203 S.W.2d 597 | Tenn. | 1947
The sole question for determination on this appeal is whether a foreign judgment for alimony which the husband has not paid after becoming due is enforceable in this state by contempt proceedings to the same extent as if such judgment had been originally rendered in this state, or whether such accrued unpaid alimony will in this state be treated merely as a debt collectible solely by execution when reduced to a money judgment.
The question is conceded to be one of first impression in this court, and arises upon the following facts: In 1933 the Superior Court of Fulton County, Georgia, which court had jurisdiction of the person and of the subject matter of the litigants, granted Mrs. Edith M. Thones a divorce from W.H. Thones, and this decree ordered him to pay her alimony of $50 per month.
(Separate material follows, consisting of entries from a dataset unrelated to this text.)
Lemma walsh_zero_density_gap (p : index) : (0 < t)%N ->
  0 <= walsh_zero_density p - [forall x, occ_diff p x == 0]%:R <= 1 - (2 * t%:R)^-1.
Proof.
move=> t0; rewrite /walsh_zero_density; set N0 := #|[pred a | walsh_transform (occ_diff p) a == 0]|.
have P0 : (0 : R) < (2 ^ n)%:R by rewrite ltr0n expn_gt0.
have T0 : (0 : R) < 2 * t%:R by rewrite mulr_gt0 // ltr0n.
have M0 := one_sub_inv_double_ge0 t0.
have [/forallP p0|/forallPn[x px]] := boolP [forall x, occ_diff p x == 0].
  have -> : N0 = (2 ^ n)%N.
    rewrite -card_qbasis; apply: eq_card => a; rewrite !inE /walsh_transform big1 //.
    by move=> x _; rewrite (eqP (p0 x)) mulr0.
  by rewrite divff ?gt_eqF // subrr lexx.
have bT a : `|walsh_transform (occ_diff p) a| <= (2 * t)%N%:Z.
  by rewrite -abszE lez_nat walsh_transform_occ_diff_le.
have := walsh_support_lower_bound px bT; set N1 := #|_| => support.
have N01 : (N0 + N1 = 2 ^ n)%N.
  by rewrite -card_qbasis -(cardC [pred a | walsh_transform (occ_diff p) a == 0]).
have {}support : ((2 ^ n)%N%:R : R) <= 2 * t%:R * N1%:R.
  by rewrite -natz -natrM -natrX ler_nat -!natrM ler_nat in support *.
rewrite subr0 divr_ge0 ?ler0n ?(ltW P0) //= ler_pdivrMr //.
rewrite -(ler_pM2r T0) mulrAC mulrBl mul1r mulVf ?gt_eqF //.
move: support; rewrite -N01 natrD; set T := 2 * t%:R; nra.
Qed.

Lemma gD_le_walsh (nu : distr_diag R n) : (0 < t)%N ->
  (forall p q : index, @moment_op R n t nu p q = (p == q)%:R * (walsh_zero_density p)%:C%C) ->
  gD nu t <= 1 - (2 * t%:R)^-1.
Proof.
move=> t0 nuE; apply: (opnorm_diag_le
  (e := fun p => walsh_zero_density p - [forall x, occ_diff p x == 0]%:R)).
- exact: one_sub_inv_double_ge0.
- by move=> p; apply: walsh_zero_density_gap.
- by move=> p q; rewrite nuE haar_moment_op -mulrBr rmorphB /= rmorph_nat.
Qed.

End UniformWalshMoments.

Theorem mainTheorem5 (R : realType) (n t : nat) :
  (1 <= n)%N -> (1 <= t)%N ->
  gD (@nu_cont R n) t <= 1 - (2 * t%:R)^-1 /\
  (forall q : nat, (2 * t < q)%N -> gD (@nu_disc R n q) t <= 1 - (2 * t%:R)^-1).
Proof.
move=> _ t0; split=> [|q tq]; apply: gD_le_walsh => //.
  by apply: (moment_op_walsh (avg := @avg_cont R)) => // K k _; apply: avg_cont_expi.
apply: (moment_op_walsh (avg := @avg_disc R q)) => // K k k2t.
by apply: avg_disc_expi; apply: leq_ltn_trans tq.
Qed.
Lemma rho_eq_iff x y m : nrm2 x < 1 -> nrm2 y < 1 -> nrm2 m < 1 ->
  rho x m = rho m y <-> on_hyp_bisector x y m.
Proof.
  intros hx hy hm; unfold rho, on_hyp_bisector, dist, nrm; rewrite (nrm2_psubC m y).
  assert (hsx : 0 < sqrt (1 - nrm2 x)) by (apply sqrt_lt_R0; lra).
  assert (hsy : 0 < sqrt (1 - nrm2 y)) by (apply sqrt_lt_R0; lra).
  assert (hsm : 0 < sqrt (1 - nrm2 m)) by (apply sqrt_lt_R0; lra).
  pose proof (nrm2_ge0 (psub x m)) as hX; pose proof (nrm2_ge0 (psub y m)) as hY.
  transitivity (sqrt (nrm2 (psub x m)) * sqrt (1 - nrm2 y) =
                sqrt (nrm2 (psub y m)) * sqrt (1 - nrm2 x)).
  { rewrite <- (div_eq_div_iff _ _ (sqrt (1 - nrm2 x)) (sqrt (1 - nrm2 m)) (sqrt (1 - nrm2 y)))
      by lra.
    split; intros E; [apply arcsinh_inj; lra | now rewrite E]. }
  rewrite <- !sqrt_mult, (Rmult_comm (1 - nrm2 y)), (Rmult_comm (1 - nrm2 x)) by lra.
  split; intros E; [|now rewrite E].
  apply sqrt_inj in E; try apply Rmult_le_pos; lra.
Qed.

Lemma segment_in_disk x y t : nrm2 x < 1 -> nrm2 y < 1 -> 0 <= t <= 1 ->
  nrm2 (fst x + t * (fst y - fst x), snd x + t * (snd y - snd x)) < 1.
Proof.
  intros hx hy ht.
  assert (E : nrm2 (fst x + t * (fst y - fst x), snd x + t * (snd y - snd x)) =
              (1 - t) * nrm2 x + t * nrm2 y - t * (1 - t) * nrm2 (psub y x)) by (coords; ring).
  rewrite E; pose proof (nrm2_ge0 (psub y x)).
  assert (0 <= t * (1 - t) * nrm2 (psub y x)) by (apply Rmult_le_pos; nra).
  assert (0 < (1 - t) * (1 - nrm2 x) + t * (1 - nrm2 y)).
  { destruct (Req_dec t 0) as [->|]; [lra | nra]. }
  lra.
Qed.
Variables w u v : Z -> R.
Hypothesis w_ge0 : forall n, 0 <= w n.
Hypothesis hu : zsummable (fun n => w n * u n ^ 2).
Hypothesis hv : zsummable (fun n => w n * v n ^ 2).

Lemma zsummable_weighted_mul : zsummable (fun n => w n * u n * v n).
Proof.
  apply (zsummable_le _ (fun n => w n * u n ^ 2 + w n * v n ^ 2));
    [| now apply zsummable_plus].
  intro n.
  assert (Hsq : forall x, 0 <= w n * x ^ 2)
    by (intro; apply Rmult_le_pos; [apply w_ge0 | apply pow2_ge_0]).
  pose proof (Hsq (u n - v n)). pose proof (Hsq (u n + v n)).
  pose proof (Hsq (u n)). pose proof (Hsq (v n)).
  rewrite (Rabs_pos_eq (_ + _)) by lra.
  apply Rabs_le. split; nra.
Qed.

Lemma zsum_cauchy_schwarz :
  zsum (fun n => w n * u n * v n) ^ 2
  <= zsum (fun n => w n * u n ^ 2) * zsum (fun n => w n * v n ^ 2).
Proof.
  pose proof zsummable_weighted_mul as huv.
  apply quadratic_discr_le.
  - apply zsum_ge0; [exact hu |]. intro n. exact (Rmult_le_pos _ _ (w_ge0 n) (pow2_ge_0 _)).
  - intro t.
    assert (Hexp : forall n, w n * (t * u n - v n) ^ 2
      = t ^ 2 * (w n * u n ^ 2) + (-2 * t * (w n * u n * v n) + w n * v n ^ 2))
      by (intro; ring).
    assert (Hsum : zsummable (fun n => w n * (t * u n - v n) ^ 2)).
    { apply (zsummable_ext _ _ (fun n => eq_sym (Hexp n))).
      auto using zsummable_plus, zsummable_scal. }
    replace (_ * t ^ 2 - _ * t + _) with (zsum (fun n => w n * (t * u n - v n) ^ 2)).
    + apply zsum_ge0; [exact Hsum |]. intro n. exact (Rmult_le_pos _ _ (w_ge0 n) (pow2_ge_0 _)).
    + rewrite (zsum_ext _ _ Hexp), !zsum_plus, !zsum_scal
        by auto using zsummable_plus, zsummable_scal.
      ring.
Qed.

End WeightedCauchySchwarz.

Lemma sq_dot_le (p q x y : R) : (p * x + q * y) ^ 2 <= (p ^ 2 + q ^ 2) * (x ^ 2 + y ^ 2).
Proof. pose proof (pow2_ge_0 (p * y - q * x)). nra. Qed.

Lemma le_of_sq_le_mul (s m : R) : 0 <= m -> s ^ 2 <= s * m -> s <= m.
Proof. intros Hm Hs. destruct (Rle_lt_dec s m); [assumption |]. nra. Qed.

(* Real Cauchy-Schwarz applied in the direction (p, q) of the left-hand side. *)
Section WeightedCauchySchwarzComplex.

Variables w u v1 v2 : Z -> R.
Hypothesis w_ge0 : forall n, 0 <= w n.
Hypothesis hu : zsummable (fun n => w n * u n ^ 2).
Hypothesis hv : zsummable (fun n => w n * (v1 n ^ 2 + v2 n ^ 2)).

Lemma zsum_cauchy_schwarz_complex :
  zsum (fun n => w n * u n * v1 n) ^ 2 + zsum (fun n => w n * u n * v2 n) ^ 2
  <= zsum (fun n => w n * u n ^ 2) * zsum (fun n => w n * (v1 n ^ 2 + v2 n ^ 2)).
Proof.
  set (p := zsum (fun n => w n * u n * v1 n)).
  set (q := zsum (fun n => w n * u n * v2 n)).
  set (K := zsum (fun n => w n * (v1 n ^ 2 + v2 n ^ 2))).
  assert (Hw_sq : forall n x, 0 <= w n * x ^ 2)
    by (intros; apply Rmult_le_pos; [apply w_ge0 | apply pow2_ge_0]).
  assert (zsummable (fun n => w n * v1 n ^ 2)
          /\ zsummable (fun n => w n * v2 n ^ 2)) as [hv1 hv2].
  { split; apply (zsummable_le _ (fun n => w n * (v1 n ^ 2 + v2 n ^ 2))); auto;
      intro n; pose proof (Hw_sq n (v1 n)); pose proof (Hw_sq n (v2 n));
      rewrite !Rabs_pos_eq; lra. }
  set (v n := p * v1 n + q * v2 n).
  assert (Hv_le : forall n, w n * v n ^ 2 <= (p ^ 2 + q ^ 2) * (w n * (v1 n ^ 2 + v2 n ^ 2))).
  { intro n.
    replace (_ * (w n * _)) with (w n * ((p ^ 2 + q ^ 2) * (v1 n ^ 2 + v2 n ^ 2))) by ring.
    apply Rmult_le_compat_l; [apply w_ge0 | apply sq_dot_le]. }
  assert (hpv : zsummable (fun n => w n * v n ^ 2)).
  { apply (zsummable_le _ (fun n => (p ^ 2 + q ^ 2) * (w n * (v1 n ^ 2 + v2 n ^ 2))));
      [| now apply zsummable_scal].
    intro n. rewrite !Rabs_pos_eq; [apply Hv_le | | apply Hw_sq].
    apply Rmult_le_pos; [nra | apply Rmult_le_pos; [apply w_ge0 | nra]]. }
  assert (Hpq : p ^ 2 + q ^ 2 = zsum (fun n => w n * u n * v n)).
  { rewrite (zsum_ext _ (fun n => p * (w n * u n * v1 n) + q * (w n * u n * v2 n)))
      by (intro; unfold v; ring).
    rewrite zsum_plus, !zsum_scal
      by auto using zsummable_scal, zsummable_weighted_mul.
    fold p q. ring. }
  assert (HK : zsum (fun n => w n * v n ^ 2) <= (p ^ 2 + q ^ 2) * K).
  { unfold K. rewrite <- zsum_scal. apply zsum_le; auto using zsummable_scal. }
  pose proof (zsum_cauchy_schwarz w u v w_ge0 hu hpv) as Hcs.
  rewrite <- Hpq in Hcs.
  assert (Huu : 0 <= zsum (fun n => w n * u n ^ 2)) by (apply zsum_ge0; auto).
  assert (0 <= K).
  { apply zsum_ge0; [exact hv |]. intro n.
    pose proof (Hw_sq n (v1 n)). pose proof (Hw_sq n (v2 n)). lra. }
  apply le_of_sq_le_mul; [now apply Rmult_le_pos |].
  eapply Rle_trans; [exact Hcs |].
  replace ((p ^ 2 + q ^ 2) * _)
    with (zsum (fun n => w n * u n ^ 2) * ((p ^ 2 + q ^ 2) * K)) by ring.
  now apply Rmult_le_compat_l.
Qed.
(* Let $\Gamma$ be a primitive strongly regular graph. Then $E(\Gamma)=E(\bar\Gamma)$ if and only if either $\Gamma$ is a conference graph, or $\Gamma$ has $OA(n,m)$ parameters, i.e. parameters $(n^2, m(n-1), m^2-3m+n, m(m-1))$, for some positive integers $n,m$ with $m\notin\{n,n+1\}$. Moreover, if $E(\Gamma)=E(\bar\Gamma)$ and $\Gamma$ is not a conference graph, then $\Gamma$ and $\bar\Gamma$ are not isospectral.
   Context: A strongly regular graph with parameters $(n,k,e,d)$ is a $k$-regular simple graph on $n$ vertices, neither complete nor edgeless, in which adjacent vertices have $e$ common neighbours and distinct non-adjacent vertices have $d$ common neighbours; it is primitive if it and its complement $\bar\Gamma$ are both connected. A conference graph is a strongly regular graph with parameters $(4t+1,2t,t-1,t)$. The energy $E$ is the sum of the absolute values of the adjacency eigenvalues (with multiplicity); isospectral means equal adjacency spectra with multiplicities. *)

From HB Require Import structures.
From mathcomp Require Import all_boot all_order all_algebra all_field.
Set Implicit Arguments. Unset Strict Implicit. Unset Printing Implicit Defensive.
Import Order.TTheory GRing.Theory Num.Theory.

(* A simple graph on a finite vertex type T is a symmetric irreflexive
   relation adj : rel T. *)

Definition compl_graph (T : finType) (adj : rel T) : rel T :=
  fun x y => (x != y) && ~~ adj x y.

Definition common_nbrs (T : finType) (adj : rel T) (x y : T) : nat :=
  #|[set z | adj x z && adj y z]|.

Definition is_srg (T : finType) (adj : rel T) (n k e d : nat) : Prop :=
  [/\ #|T| = n,
      (forall x : T, #|[set y | adj x y]| = k),
      (forall x y : T, adj x y -> common_nbrs adj x y = e),
      (forall x y : T, x != y -> ~~ adj x y -> common_nbrs adj x y = d)
    & ((exists x y : T, x != y /\ ~~ adj x y)
       /\ (exists x y : T, adj x y)) ].

Definition connected_graph (T : finType) (adj : rel T) : Prop :=
  forall x y : T, connect adj x y.

Definition primitive_srg (T : finType) (adj : rel T) : Prop :=
  connected_graph adj /\ connected_graph (compl_graph adj).

Definition conference_graph (T : finType) (adj : rel T) : Prop :=
  exists t : nat, is_srg adj (4 * t + 1) (2 * t) (t - 1) t.

(* OA(n,m) parameters (n^2, m(n-1), m^2-3m+n, m(m-1));
   the third parameter is written m^2 + n - 3m to avoid truncation of nat
   subtraction in the intermediate m^2 - 3m. *)
Definition OA_params (T : finType) (adj : rel T) (n m : nat) : Prop :=
  is_srg adj (n ^ 2) (m * (n - 1)) (m ^ 2 + n - 3 * m) (m * (m - 1)).

Definition adj_mx (T : finType) (adj : rel T) : 'M[algC]_#|T| :=
  \matrix_(i, j) (adj (enum_val i) (enum_val j))%:R%R.

Definition spectrum (T : finType) (adj : rel T) : seq algC :=
  sval (closed_field_poly_normal (char_poly (adj_mx adj))).

Definition energy (T : finType) (adj : rel T) : algC :=
  (\sum_(z <- spectrum adj) `|z|)%R.

Definition isospectral (T : finType) (adj1 adj2 : rel T) : Prop :=
  perm_eq (spectrum adj1) (spectrum adj2).
Lemma lattice_packed_norm_one_roots m n kp km :
    (0 < m)%N -> (2 * n = 3 ^ m + 1)%N -> (kp + km <= 2)%N ->
  lattice_packed_with_density n 2 kp km ((B_card n 2 kp km)%:R / ((3 ^ m) ^ 2)%:R).
Proof.
move=> m_gt0 nq k_le.
have m2_gt0 : (0 < m * 2)%N by rewrite muln_gt0 m_gt0.
have [F pcharF cardF] := @pPrimePowerField 3 (m * 2) isT m2_gt0.
have [g prim_g] := finField_prim_root_exists F.
have n_dvd : (2 * n %| #|F|.-1)%N.
  by rewrite cardF expnM -subn1 -[X in (_ - X)%N](exp1n 2) subn_sqr -nq dvdn_mull.
pose a := g ^+ (#|F|.-1 %/ (2 * n)).
have prim_a : (2 * n).-primitive_root a := dvdn_prim_root prim_g n_dvd.
rewrite -expnM -cardF.
apply: (syndrome_lattice_packing (g := fun i : 'I_n => a ^+ i)) => //.
- exact: mulrn_pchar pcharF.
- exact (relation_free_frobenius pcharF prim_a nq).
- rewrite cardF B_card_weight2 expnM; have := bin2_mul2 n; nia.
Qed.

Lemma lattice_packed_inverse_pairs m n kp km :
    (1 < m)%N -> (2 * n + 1 = 3 ^ m)%N -> (kp + km <= 2)%N ->
  lattice_packed_with_density n 2 kp km ((B_card n 2 kp km)%:R / ((3 ^ m) ^ 2)%:R).
Proof.
move=> m_gt1 nq k_le.
have [F pcharF cardF] := @pPrimePowerField 3 m isT (ltnW m_gt1).
have [g prim_g] := finField_prim_root_exists F.
rewrite cardF -nq addn1 /= in prim_g.
rewrite -cardF -mulnn -card_prod.
apply: (syndrome_lattice_packing (g := fun i : 'I_n => (g ^+ i, g ^- i))) => //.
- move=> [x y]; rewrite (_ : (x, y) *+ 3 = (x *+ 3, y *+ 3)) //.
  by rewrite !(mulrn_pchar pcharF).
- exact: relation_free_inv_pairs pcharF prim_g.
- rewrite card_prod cardF B_card_weight2; have := bin2_mul2 n.
  have : (3 ^ 2 <= 3 ^ m)%N by rewrite leq_exp2l.
  nia.
Qed.

Theorem corollary3 (kp km : nat) :
  (km <= kp)%N -> (1 <= kp + km <= 2)%N ->
  (forall m : nat, (0 < m)%N ->
     let n := ((3 ^ m + 1) %/ 2)%N in
     lattice_packed_with_density n 2 kp km
       (('C(n, 2) * (kp + km) ^ 2 + n * (kp + km) + 1)%:R
          / ((2 * n - 1) ^ 2)%:R)) /\
  (forall m : nat, (3 <= m)%N -> odd m ->
     let n := ((3 ^ m - 1) %/ 2)%N in
     lattice_packed_with_density n 2 kp km
       (('C(n, 2) * (kp + km) ^ 2 + n * (kp + km) + 1)%:R
          / ((2 * n + 1) ^ 2)%:R)).
Proof.
move=> _ /andP[_ k_le]; have odd3m m : odd (3 ^ m) by rewrite oddX orbT.
split=> [m m_gt0 n | m m_ge3 _ n]; rewrite -B_card_weight2.
- have nq : (2 * n = 3 ^ m + 1)%N by rewrite mulnC divnK // dvdn2 oddD odd3m.
  by rewrite nq addnK; apply: lattice_packed_norm_one_roots.
- have nq : (2 * n + 1 = 3 ^ m)%N.
    by rewrite mulnC divnK ?subnK ?expn_gt0 // dvdn2 oddB ?odd3m ?expn_gt0.
  by rewrite nq; apply: lattice_packed_inverse_pairs => //; apply: leq_trans m_ge3.
Qed.
(* Deleting the closed neighbourhood of a vertex of maximum degree [k]
   lowers the degree sum by at most [2 k^2]: [k^2 + k] from the deleted
   vertices and [k (k - 1)] from the edges leaving them. *)
Lemma degsum_del_closed_nbhd (U : {set T}) v :
  v \in U -> (forall x, x \in U -> deg U x <= deg U v) ->
  degsum U <= degsum (U :\: (v |: nbhd U v)) + 2 * (deg U v * deg U v).
Proof.
move=> vU vmax; set N := v |: nbhd U v; set U2 := U :\: N.
have cN : #|N| = (deg U v).+1 by rewrite cardsU1 nbhd_notin.
rewrite /degsum (big_setID N) /= (setIidPr (closed_nbhd_sub vU)).
have inN : \sum_(x in N) deg U x <= (deg U v).+1 * deg U v.
  rewrite -cN -sum_nat_const; apply: leq_sum => x xN.
  by apply: vmax; move/subsetP: (closed_nbhd_sub vU); apply.
rewrite (eq_bigr _ (@deg_del_closed_nbhd U v)) big_split /= -/N -/U2.
have toN : \sum_(x in U2) #|[set y in nbhd U v | adj x y]| <= deg U v * (deg U v - 1).
  rewrite (eq_bigr (fun x => \sum_(y in nbhd U v) (adj y x : nat))); last first.
    by move=> x _; rewrite sum_indicator; apply: eq_card => y; rewrite !inE (adj_sym y).
  rewrite exchange_big /= -[X in X * _]/#|nbhd U v| -sum_nat_const.
  apply: leq_sum => y yN; rewrite sum_indicator.
  exact: adj_outside_closed_nbhd.
move: inN toN; case: (deg U v) => [|k]; lia.
Qed.

Lemma stable_count_le (U : {set T}) : stable_count U <= 2 ^ #|U|.
Proof.
rewrite -card_powerset; apply: subset_leq_card; apply/subsetP => W.
by rewrite !inE => /andP[].
Qed.

(* Branching on [v]: a stable subset of [U] either avoids [v], or contains [v]
   and hence avoids all its neighbours. *)
Lemma stable_count_branch (U : {set T}) v : v \in U ->
  stable_count U <= stable_count (U :\ v) + stable_count (U :\: (v |: nbhd U v)).
Proof.
move=> vU; rewrite /stable_count.
set S := [set W : {set T} | (W \subset U) && stable W].
rewrite -(cardsID [set W : {set T} | v \in W] S) addnC leq_add //.
  apply: subset_leq_card; apply/subsetP => W; rewrite !inE => /andP[vW /andP[WU ->]].
  rewrite andbT; apply/subsetP => x xW; rewrite !inE (subsetP WU) // andbT.
  by apply: contraNneq vW => <-.
have inj : {in S :&: [set W : {set T} | v \in W] &, injective (fun W => W :\ v)}.
  move=> W1 W2; rewrite !inE => /andP[_ h1] /andP[_ h2] e.
  by rewrite -(setD1K h1) -(setD1K h2) e.
rewrite -(card_in_imset inj); apply: subset_leq_card; apply/subsetP => W'.
move=> /imsetP[W]; rewrite !inE => /andP[/andP[WU /forallP sW] vW] ->.
apply/andP; split.
  apply/subsetP => x; rewrite !inE => /andP[xv xW].
  rewrite (subsetP WU) // andbT negb_or xv /=.
  by move: (sW v); rewrite vW => /forallP /(_ x); rewrite xW.
apply/forallP => x; apply/implyP; rewrite inE => /andP[_ xW].
apply/forallP => y; apply/implyP; rewrite inE => /andP[_ yW].
by move: (sW x); rewrite xW => /forallP /(_ y); rewrite yW.
Qed.

Local Open Scope R_scope.

Definition q : R := 53 / 50.

Lemma q_ge1 : 1 <= q.
Proof. rewrite /q; lra. Qed.

(* The branching vector is admissible: 2^-1 q^(2k) + 2^-(k+1) q^(2k^2) <= 1. *)
Lemma branching_factor k : (1 <= k <= 4)%N ->
  2 ^ k * q ^ (2 * k) + q ^ (2 * (k * k)) <= 2 ^ k.+1.
Proof. by rewrite /q; case: k => [|[|[|[|[|k]]]]] //= _; lra. Qed.

(* One branching step of the potential argument, in arithmetic form. *)
Lemma branch_combine (G G1 G2 a : R) (s s1 s2 k : nat) :
  (1 <= k <= 4)%N -> 0 <= G1 -> 0 <= G2 -> 0 <= a -> G <= G1 + G2 ->
  (s <= s1 + 2 * k)%N -> (s <= s2 + 2 * (k * k))%N ->
  G1 * q ^ s1 <= a * 2 ^ k -> G2 * q ^ s2 <= a ->
  G * q ^ s <= a * 2 ^ k.+1.
Proof.
move=> k14 G1p G2p ap G12 s1k s2k h1 h2.
have qs : 0 <= q ^ s by apply: pow_le; have := q_ge1; lra.
have e1 : G1 * q ^ s <= a * 2 ^ k * q ^ (2 * k).
  apply: Rle_trans (_ : G1 * (q ^ s1 * q ^ (2 * k)) <= _).
    by apply: Rmult_le_compat_l => //; rewrite -pow_add; apply: Rle_pow q_ge1 _; apply/leP.
  by rewrite -Rmult_assoc; apply: Rmult_le_compat_r h1; apply: pow_le; have := q_ge1; lra.
have e2 : G2 * q ^ s <= a * q ^ (2 * (k * k)).
  apply: Rle_trans (_ : G2 * (q ^ s2 * q ^ (2 * (k * k))) <= _).
    by apply: Rmult_le_compat_l => //; rewrite -pow_add; apply: Rle_pow q_ge1 _; apply/leP.
  by rewrite -Rmult_assoc; apply: Rmult_le_compat_r h2; apply: pow_le; have := q_ge1; lra.
have := branching_factor k14; have := Rmult_le_compat_r _ _ _ qs G12; nra.
Qed.
Lemma sparse_setU (A B : {set 'I_N}) :
  separated A B -> sparse (A :|: B) = sparse A && sparse B.
Proof.
move=> sepAB; apply/sparseP/andP => [h|[/sparseP hA /sparseP hB] t u].
  by split; apply/sparseP => t u Vt Vu; apply: h; rewrite inE ?Vt ?Vu ?orbT.
rewrite !inE => /orP[At|Bt] /orP[Au|Bu]; try by [apply: hA|apply: hB].
  by case: (sepAB t u At Bu).
by case: (sepAB u t Au Bt).
Qed.

Lemma sparse_setU1 (V : {set 'I_N}) (x : 'I_N) :
  (forall u : 'I_N, u \in V -> x.+1 != u :> nat) ->
  sparse (x |: V) = sparse V && [forall u in V, u.+1 != x :> nat].
Proof.
move=> x_last; apply/sparseP/andP => [h|[/sparseP hV /forallP hx] t u].
  split; first by apply/sparseP => t u Vt Vu; apply: h; rewrite inE ?Vt ?Vu ?orbT.
  by apply/forallP => u; apply/implyP => Vu; apply: h; rewrite !inE ?Vu ?eqxx ?orbT.
rewrite !inE => /orP[/eqP ->|Vt] /orP[/eqP ->|Vu].
- by apply/eqP; lia.
- exact: x_last.
- by move/implyP: (hx t) => /(_ Vt).
- exact: hV.
Qed.

(* Sparse subsets of a union of separated sets are exactly the unions of
   sparse subsets of each, hence the polynomial is multiplicative. *)
Lemma sparse_polyU (A B : {set 'I_N}) :
  separated A B -> sparse_poly (A :|: B) = sparse_poly A * sparse_poly B.
Proof.
move=> sepAB.
have dAB : [disjoint A & B].
  rewrite -setI_eq0; apply/set0Pn => -[x]; rewrite inE => /andP[Ax Bx].
  by case: (sepAB x x Ax Bx); rewrite eqxx.
rewrite /sparse_poly !big_mkcondr sum_powerset_setU // big_distrlr /=.
apply: eq_bigr => V1; rewrite powersetE => sV1A.
apply: eq_bigr => V2; rewrite powersetE => sV2B.
have sepV : separated V1 V2.
  move=> a b V1a V2b.
  by apply: sepAB; [apply: subsetP sV1A a V1a|apply: subsetP sV2B b V2b].
rewrite sparse_setU // cardsU (disjoint_setI0 (disjointW sV1A sV2B dAB)).
rewrite cards0 subn0 exprD.
by case: (sparse V1); case: (sparse V2); rewrite ?mulr0 ?mul0r.
Qed.

(* Deletion–contraction at an element x of U with no successor in U:
   a sparse subset either avoids x, or contains x and avoids x - 1. *)
Lemma sparse_poly_delete (U : {set 'I_N}) (x : 'I_N) :
  x \in U -> (forall u : 'I_N, u \in U -> x.+1 != u :> nat) ->
  sparse_poly U =
  sparse_poly (U :\ x) +
  'X * sparse_poly ((U :\ x) :\: [set u : 'I_N | u.+1 == x :> nat]).
Proof.
move=> Ux x_last; set Ux' := U :\ x; set Pred := [set u : 'I_N | u.+1 == x :> nat].
have {1}-> : U = Ux' :|: [set x] by rewrite setUC setD1K.
have dUx : [disjoint Ux' & [set x]] by rewrite disjoint_sym disjoints1 !inE eqxx.
rewrite {1}/sparse_poly big_mkcondr sum_powerset_setU // powerset1.
rewrite /sparse_poly !big_mkcondr mulr_sumr.
rewrite [X in _ = _ + X]big_mkcond [X in _ = X + _]big_mkcond -big_split /=.
rewrite big_mkcond /=; apply: eq_bigr => V _.
case sVUx : (V \in powerset Ux'); last first.
  have -> : V \in powerset (Ux' :\: Pred) = false.
    apply/negbTE; apply: contraFN sVUx; rewrite !powersetE => sV.
    exact: subset_trans sV (subsetDl _ _).
  by rewrite addr0.
rewrite big_setU1 ?big_set1 /=; last first.
  by rewrite inE; apply/eqP => /setP /(_ x); rewrite !inE eqxx.
rewrite setU0; move: sVUx; rewrite powersetE => sVUx.
have xV : x \notin V by apply/negP => /(subsetP sVUx); rewrite !inE eqxx.
rewrite (setUC V [set x]) cardsU1 xV add1n exprS sparse_setU1; last first.
  by move=> u /(subsetP sVUx); rewrite !inE => /andP[_ Uu]; apply: x_last.
have -> : (V \in powerset (Ux' :\: Pred)) = [forall u in V, u.+1 != x :> nat].
  rewrite powersetE; apply/subsetP/forallP => [h u|h u Vu].
    by apply/implyP => /h; rewrite !inE => /andP[].
  have := subsetP sVUx u Vu; rewrite !inE => /andP[-> ->]; rewrite !andbT.
  by move/implyP: (h u) => /(_ Vu).
by case: (sparse V); case: [forall u in V, u.+1 != x :> nat];
  rewrite /= ?mulr0 ?addr0.
Qed.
He came to Tennessee and, disregarding the judgment and order of the Georgia Court, has made no payment thereon to Mrs. Thones since July of 1936. He has no visible property subject to execution, and has arranged with his employer to pay his salary in advance. The result is that garnishment is totally ineffective. Mrs. Thones, who is a resident of Florida, sued in the Chancery Court of Shelby County for a money judgment against Thones for all installments *126 of alimony accrued since July, 1936, and for such general relief "to which she may be entitled under and by virtue of the premises." An alimony award by a Georgia Court is enforceable in Georgia by contempt proceedings.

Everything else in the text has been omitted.